Look through the listing underneath for "reflexivity", and copy every line that has it.
Start of Block
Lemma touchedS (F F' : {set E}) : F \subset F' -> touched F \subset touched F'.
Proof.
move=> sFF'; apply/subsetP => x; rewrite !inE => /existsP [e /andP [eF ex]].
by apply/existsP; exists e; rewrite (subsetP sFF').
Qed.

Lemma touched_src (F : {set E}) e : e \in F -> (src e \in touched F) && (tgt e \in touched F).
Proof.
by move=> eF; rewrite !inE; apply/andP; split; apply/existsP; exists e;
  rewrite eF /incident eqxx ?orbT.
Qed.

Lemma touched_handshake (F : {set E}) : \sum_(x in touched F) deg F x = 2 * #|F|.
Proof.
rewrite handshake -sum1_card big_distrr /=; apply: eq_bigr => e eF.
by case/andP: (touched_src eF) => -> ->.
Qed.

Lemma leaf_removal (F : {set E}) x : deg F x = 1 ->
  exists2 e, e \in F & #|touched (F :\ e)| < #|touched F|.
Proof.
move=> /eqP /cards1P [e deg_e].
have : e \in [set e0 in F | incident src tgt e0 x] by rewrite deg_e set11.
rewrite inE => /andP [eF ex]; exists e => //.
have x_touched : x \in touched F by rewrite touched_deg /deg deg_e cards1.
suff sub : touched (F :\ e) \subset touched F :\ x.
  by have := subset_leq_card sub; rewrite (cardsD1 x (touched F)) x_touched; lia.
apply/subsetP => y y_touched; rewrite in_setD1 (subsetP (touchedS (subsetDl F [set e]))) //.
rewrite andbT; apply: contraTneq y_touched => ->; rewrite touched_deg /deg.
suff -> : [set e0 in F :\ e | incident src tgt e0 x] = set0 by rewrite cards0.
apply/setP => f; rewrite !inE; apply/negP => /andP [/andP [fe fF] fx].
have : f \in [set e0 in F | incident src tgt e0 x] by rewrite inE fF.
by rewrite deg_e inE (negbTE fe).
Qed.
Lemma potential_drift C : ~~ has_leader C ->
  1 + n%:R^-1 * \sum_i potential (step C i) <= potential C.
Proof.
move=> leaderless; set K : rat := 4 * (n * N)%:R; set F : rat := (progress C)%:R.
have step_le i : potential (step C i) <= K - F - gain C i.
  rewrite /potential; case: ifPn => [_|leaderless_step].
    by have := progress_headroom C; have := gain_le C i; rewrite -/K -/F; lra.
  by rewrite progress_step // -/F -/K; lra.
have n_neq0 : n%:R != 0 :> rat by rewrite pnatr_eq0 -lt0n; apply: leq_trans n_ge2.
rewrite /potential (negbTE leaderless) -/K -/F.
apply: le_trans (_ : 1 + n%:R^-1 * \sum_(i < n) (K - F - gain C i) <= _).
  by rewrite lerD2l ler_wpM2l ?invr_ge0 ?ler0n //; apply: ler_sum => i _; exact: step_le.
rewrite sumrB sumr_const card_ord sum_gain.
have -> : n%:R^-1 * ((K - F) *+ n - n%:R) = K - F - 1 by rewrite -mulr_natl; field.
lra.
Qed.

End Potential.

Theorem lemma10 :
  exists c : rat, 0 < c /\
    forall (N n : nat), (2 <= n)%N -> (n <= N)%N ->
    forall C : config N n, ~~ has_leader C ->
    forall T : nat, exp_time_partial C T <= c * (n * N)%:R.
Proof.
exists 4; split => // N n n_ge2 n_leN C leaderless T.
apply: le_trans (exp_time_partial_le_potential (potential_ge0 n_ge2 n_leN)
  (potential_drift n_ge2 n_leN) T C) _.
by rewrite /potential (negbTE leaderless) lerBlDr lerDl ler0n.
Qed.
End of Block
Start of Block
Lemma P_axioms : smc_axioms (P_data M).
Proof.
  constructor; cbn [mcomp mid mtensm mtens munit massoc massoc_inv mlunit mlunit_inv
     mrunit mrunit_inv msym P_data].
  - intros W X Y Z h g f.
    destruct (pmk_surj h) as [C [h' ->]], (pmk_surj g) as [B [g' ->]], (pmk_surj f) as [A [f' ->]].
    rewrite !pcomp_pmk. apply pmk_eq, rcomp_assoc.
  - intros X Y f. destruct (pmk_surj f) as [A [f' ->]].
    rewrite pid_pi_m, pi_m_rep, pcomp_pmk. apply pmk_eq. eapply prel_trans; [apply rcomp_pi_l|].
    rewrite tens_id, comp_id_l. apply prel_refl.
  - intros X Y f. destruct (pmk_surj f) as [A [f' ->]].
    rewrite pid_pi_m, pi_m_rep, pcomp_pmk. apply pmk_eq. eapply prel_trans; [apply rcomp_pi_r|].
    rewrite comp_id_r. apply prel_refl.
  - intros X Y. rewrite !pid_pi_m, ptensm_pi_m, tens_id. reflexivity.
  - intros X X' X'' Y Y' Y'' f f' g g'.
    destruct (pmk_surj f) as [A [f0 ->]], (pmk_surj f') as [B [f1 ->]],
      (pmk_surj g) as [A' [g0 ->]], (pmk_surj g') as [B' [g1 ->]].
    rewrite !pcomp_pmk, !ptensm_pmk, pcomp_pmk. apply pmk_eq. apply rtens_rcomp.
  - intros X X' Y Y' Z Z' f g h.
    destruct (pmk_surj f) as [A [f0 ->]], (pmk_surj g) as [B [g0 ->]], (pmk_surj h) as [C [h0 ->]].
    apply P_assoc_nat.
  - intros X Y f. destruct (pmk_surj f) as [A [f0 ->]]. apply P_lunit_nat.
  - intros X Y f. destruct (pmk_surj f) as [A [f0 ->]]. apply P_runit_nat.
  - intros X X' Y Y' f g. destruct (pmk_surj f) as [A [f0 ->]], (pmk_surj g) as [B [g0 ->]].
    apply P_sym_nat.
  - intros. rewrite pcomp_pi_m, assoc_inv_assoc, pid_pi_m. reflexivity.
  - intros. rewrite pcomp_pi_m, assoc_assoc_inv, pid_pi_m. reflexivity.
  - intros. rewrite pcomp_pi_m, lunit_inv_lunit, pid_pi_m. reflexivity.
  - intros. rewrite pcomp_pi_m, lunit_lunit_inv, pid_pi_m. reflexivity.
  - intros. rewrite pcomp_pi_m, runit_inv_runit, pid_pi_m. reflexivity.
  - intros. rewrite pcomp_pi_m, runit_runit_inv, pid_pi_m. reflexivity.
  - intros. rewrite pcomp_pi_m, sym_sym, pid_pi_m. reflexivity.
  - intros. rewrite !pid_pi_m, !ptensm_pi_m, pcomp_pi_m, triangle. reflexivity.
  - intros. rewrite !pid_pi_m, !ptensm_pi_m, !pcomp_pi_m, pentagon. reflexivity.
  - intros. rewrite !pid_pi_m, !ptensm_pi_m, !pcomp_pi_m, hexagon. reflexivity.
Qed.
End of Block
Start of Block
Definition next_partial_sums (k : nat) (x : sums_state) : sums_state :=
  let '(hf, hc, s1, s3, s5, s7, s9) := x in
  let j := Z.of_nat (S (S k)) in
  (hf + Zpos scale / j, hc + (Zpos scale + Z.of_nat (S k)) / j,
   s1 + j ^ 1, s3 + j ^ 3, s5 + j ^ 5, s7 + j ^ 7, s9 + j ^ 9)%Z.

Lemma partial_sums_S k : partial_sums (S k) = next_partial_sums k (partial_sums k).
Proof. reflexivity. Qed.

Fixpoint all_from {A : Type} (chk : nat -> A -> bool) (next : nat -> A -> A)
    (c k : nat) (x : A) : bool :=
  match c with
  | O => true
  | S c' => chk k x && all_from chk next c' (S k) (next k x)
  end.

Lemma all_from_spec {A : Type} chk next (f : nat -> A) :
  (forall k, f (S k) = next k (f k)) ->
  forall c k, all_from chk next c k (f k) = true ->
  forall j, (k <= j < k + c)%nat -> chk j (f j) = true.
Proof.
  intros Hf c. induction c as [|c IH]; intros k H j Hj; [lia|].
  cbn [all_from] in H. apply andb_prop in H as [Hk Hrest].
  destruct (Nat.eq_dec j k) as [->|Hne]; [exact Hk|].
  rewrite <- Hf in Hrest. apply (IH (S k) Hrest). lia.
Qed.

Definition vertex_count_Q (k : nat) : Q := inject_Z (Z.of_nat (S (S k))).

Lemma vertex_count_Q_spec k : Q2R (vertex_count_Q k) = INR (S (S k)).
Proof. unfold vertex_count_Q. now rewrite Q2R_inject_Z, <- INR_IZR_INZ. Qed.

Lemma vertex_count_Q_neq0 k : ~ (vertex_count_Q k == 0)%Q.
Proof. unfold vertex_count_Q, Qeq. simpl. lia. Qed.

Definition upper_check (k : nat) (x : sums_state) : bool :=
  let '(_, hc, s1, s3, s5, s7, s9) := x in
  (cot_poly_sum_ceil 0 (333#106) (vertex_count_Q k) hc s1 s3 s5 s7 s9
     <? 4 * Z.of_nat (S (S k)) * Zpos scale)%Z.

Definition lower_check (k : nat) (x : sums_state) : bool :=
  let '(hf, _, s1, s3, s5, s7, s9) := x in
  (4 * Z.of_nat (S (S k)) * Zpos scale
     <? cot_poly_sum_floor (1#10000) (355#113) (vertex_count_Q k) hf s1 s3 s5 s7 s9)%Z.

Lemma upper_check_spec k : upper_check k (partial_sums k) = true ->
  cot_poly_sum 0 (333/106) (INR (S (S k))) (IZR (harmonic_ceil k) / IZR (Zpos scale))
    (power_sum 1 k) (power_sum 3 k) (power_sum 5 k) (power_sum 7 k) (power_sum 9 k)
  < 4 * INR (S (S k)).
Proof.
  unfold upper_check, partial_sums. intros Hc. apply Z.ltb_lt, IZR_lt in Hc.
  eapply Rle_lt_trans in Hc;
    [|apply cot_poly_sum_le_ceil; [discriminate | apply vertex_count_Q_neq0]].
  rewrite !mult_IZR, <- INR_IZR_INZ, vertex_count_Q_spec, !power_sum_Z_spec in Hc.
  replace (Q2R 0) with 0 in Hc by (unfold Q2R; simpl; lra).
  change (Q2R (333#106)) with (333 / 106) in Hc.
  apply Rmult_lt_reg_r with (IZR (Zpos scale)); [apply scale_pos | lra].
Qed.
End of Block
COMPLETED EXERCISE
  - intros X Y. rewrite !pid_pi_m, ptensm_pi_m, tens_id. reflexivity.
  - intros. rewrite pcomp_pi_m, assoc_inv_assoc, pid_pi_m. reflexivity.
  - intros. rewrite pcomp_pi_m, assoc_assoc_inv, pid_pi_m. reflexivity.
  - intros. rewrite pcomp_pi_m, lunit_inv_lunit, pid_pi_m. reflexivity.
  - intros. rewrite pcomp_pi_m, lunit_lunit_inv, pid_pi_m. reflexivity.
  - intros. rewrite pcomp_pi_m, runit_inv_runit, pid_pi_m. reflexivity.
  - intros. rewrite pcomp_pi_m, runit_runit_inv, pid_pi_m. reflexivity.
  - intros. rewrite pcomp_pi_m, sym_sym, pid_pi_m. reflexivity.
  - intros. rewrite !pid_pi_m, !ptensm_pi_m, pcomp_pi_m, triangle. reflexivity.
  - intros. rewrite !pid_pi_m, !ptensm_pi_m, !pcomp_pi_m, pentagon. reflexivity.
  - intros. rewrite !pid_pi_m, !ptensm_pi_m, !pcomp_pi_m, hexagon. reflexivity.
Proof. reflexivity. Qed.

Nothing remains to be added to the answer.